● EXERCISE DESCRIPTION
Whichever lines of the entries hold the word "edges" should be identified and copied.

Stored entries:
-*-

(* Let $E$ be a topological space and $C:E\to 2^E$ a constraint function. Let $\mathcal{U}$ and $\mathcal{V}$ be collections of subsets of $E$ such that $\mathcal{U}$ is a refinement of $\mathcal{V}$, i.e. each $U\in\mathcal{U}$ is a subset of some $V\in\mathcal{V}$. Then this induces an order preserving function $TP_C(\mathcal{U})\to TP_C(\mathcal{V})$: namely, for any function $\phi:\mathcal{U}\to\mathcal{V}$ with $A\subseteq\phi(A)$ for all $A\in\mathcal{U}$, the assignment $[A]\mapsto[\phi(A)]$ is a well-defined order preserving map $TP_C(\mathcal{U})\to TP_C(\mathcal{V})$.
   Context: A set-valued function $C:E\to 2^E$ on a topological space $E$ is a constraint function if $x\in C(x)$ for all $x\in E$ and $C$ is lower semicontinuous: for every open $U\subseteq E$ the set $\{x\in E: C(x)\cap U\neq\emptyset\}$ is open. For $U\subseteq E$ write $C(U)=\bigcup_{x\in U}C(x)$. For subsets $A,B\subseteq E$ write $A\prec B$ if for every open set $U$ containing $A$, $C(U)\cap B\neq\emptyset$. Given a collection $\mathcal{U}$ of subsets of $E$, the constraint graph $TG_C(\mathcal{U})$ is the directed graph with vertex set $\mathcal{U}$ and an edge $(A,B)$ whenever $A\prec B$. The tracklet poset $TP_C(\mathcal{U})$ is the set of equivalence classes $[A]$ of the preorder given by the transitive closure of the edge relation of $TG_C(\mathcal{U})$ (where $A,B$ are equivalent if each precedes the other in the transitive closure), ordered by $[A]\le[B]$ iff $A$ precedes $B$ in the transitive closure. *)

From HB Require Import structures.
From mathcomp Require Import all_boot all_order.
From mathcomp Require Import all_classical topology.
From Stdlib Require Import Relations.
Set Implicit Arguments. Unset Strict Implicit. Unset Printing Implicit Defensive.
Local Open Scope classical_set_scope.

(* C : E -> 2^E is a constraint function: x \in C x, and C is lower
   semicontinuous. *)
Definition constraint_function (E : topologicalType) (C : E -> set E) : Prop :=
  (forall x, C x x) /\
  (forall U : set E, open U -> open [set x | C x `&` U !=set0]).

Definition Cimg (E : topologicalType) (C : E -> set E) (U : set E) : set E :=
  \bigcup_(x in U) C x.

Definition prec (E : topologicalType) (C : E -> set E) (A B : set E) : Prop :=
  forall U : set E, open U -> A `<=` U -> Cimg C U `&` B !=set0.

Definition tg_edge (E : topologicalType) (C : E -> set E) (Us : set (set E))
  (A B : set E) : Prop := Us A /\ Us B /\ prec C A B.

(* the preorder of TP_C(Us): (reflexive-)transitive closure of the edges;
   only used on members of Us *)
Definition tp_le (E : topologicalType) (C : E -> set E) (Us : set (set E))
  (A B : set E) : Prop := clos_refl_trans (set E) (tg_edge C Us) A B.

Definition tp_equiv (E : topologicalType) (C : E -> set E) (Us : set (set E))
  (A B : set E) : Prop := tp_le C Us A B /\ tp_le C Us B A.

From mathcomp Require Import all_boot all_order.
From mathcomp Require Import all_classical topology.
From Stdlib Require Import Relations.
Local Open Scope classical_set_scope.

(* The relation [A ≺ B] is monotone in both arguments: enlarging [A] leaves
   fewer open neighbourhoods to test, enlarging [B] makes each test easier.
   Hence [phi], which enlarges every vertex, maps edges of TG_C(Us) to edges
   of TG_C(Vs), and therefore the transitive closure to the transitive
   closure. *)

Lemma clos_refl_trans_map (T T' : Type) (R : relation T) (R' : relation T')
    (f : T -> T') :
  (forall x y, R x y -> R' (f x) (f y)) ->
  forall x y, clos_refl_trans T R x y -> clos_refl_trans T' R' (f x) (f y).
Proof.
move=> fR x y; elim=> [a b /fR|a|a b c _ IHab _ IHbc].
- exact: rt_step.
- exact: rt_refl.
- exact: rt_trans IHab IHbc.
Qed.

Lemma prec_subset (E : topologicalType) (C : E -> set E) (A A' B B' : set E) :
  A `<=` A' -> B `<=` B' -> prec C A B -> prec C A' B'.
Proof.
move=> AA' BB' precAB U oU A'U.
have [z [CUz Bz]] := precAB U oU (subset_trans AA' A'U).
by exists z; split; [|exact: BB'].
Qed.

Section EnlargingMap.
Variables (E : topologicalType) (C : E -> set E) (Us Vs : set (set E)).
Variable phi : set E -> set E.
Hypothesis phi_in : forall A, Us A -> Vs (phi A).
Hypothesis phi_ge : forall A, Us A -> A `<=` phi A.

Lemma tg_edge_enlarge A B : tg_edge C Us A B -> tg_edge C Vs (phi A) (phi B).
Proof.
move=> [UsA [UsB precAB]]; split; [exact: phi_in|split; [exact: phi_in|]].
by apply: prec_subset precAB; apply: phi_ge.
Qed.

Lemma tp_le_enlarge A B : tp_le C Us A B -> tp_le C Vs (phi A) (phi B).
Proof. exact/clos_refl_trans_map/tg_edge_enlarge. Qed.

Lemma tp_equiv_enlarge A B :
  tp_equiv C Us A B -> tp_equiv C Vs (phi A) (phi B).
Proof. by move=> [leAB leBA]; split; apply: tp_le_enlarge. Qed.

End EnlargingMap.

Theorem proposition1 (E : topologicalType) (C : E -> set E)
  (Us Vs : set (set E)) :
  constraint_function C ->
  (forall A, Us A -> exists2 V, Vs V & A `<=` V) ->
  forall phi : set E -> set E,
    (forall A, Us A -> Vs (phi A)) ->
    (forall A, Us A -> A `<=` phi A) ->
    (* well defined on equivalence classes *)
    (forall A B, Us A -> Us B -> tp_equiv C Us A B ->
       tp_equiv C Vs (phi A) (phi B)) /\
    (* order preserving *)
    (forall A B, Us A -> Us B -> tp_le C Us A B ->
       tp_le C Vs (phi A) (phi B)).
Proof.
move=> _ _ phi phi_in phi_ge; split=> A B _ _.
- exact: tp_equiv_enlarge.
- exact: tp_le_enlarge.
Qed.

-*-

● SOLUTION TO THIS PROBLEM
(* the preorder of TP_C(Us): (reflexive-)transitive closure of the edges;
   Hence [phi], which enlarges every vertex, maps edges of TG_C(Us) to edges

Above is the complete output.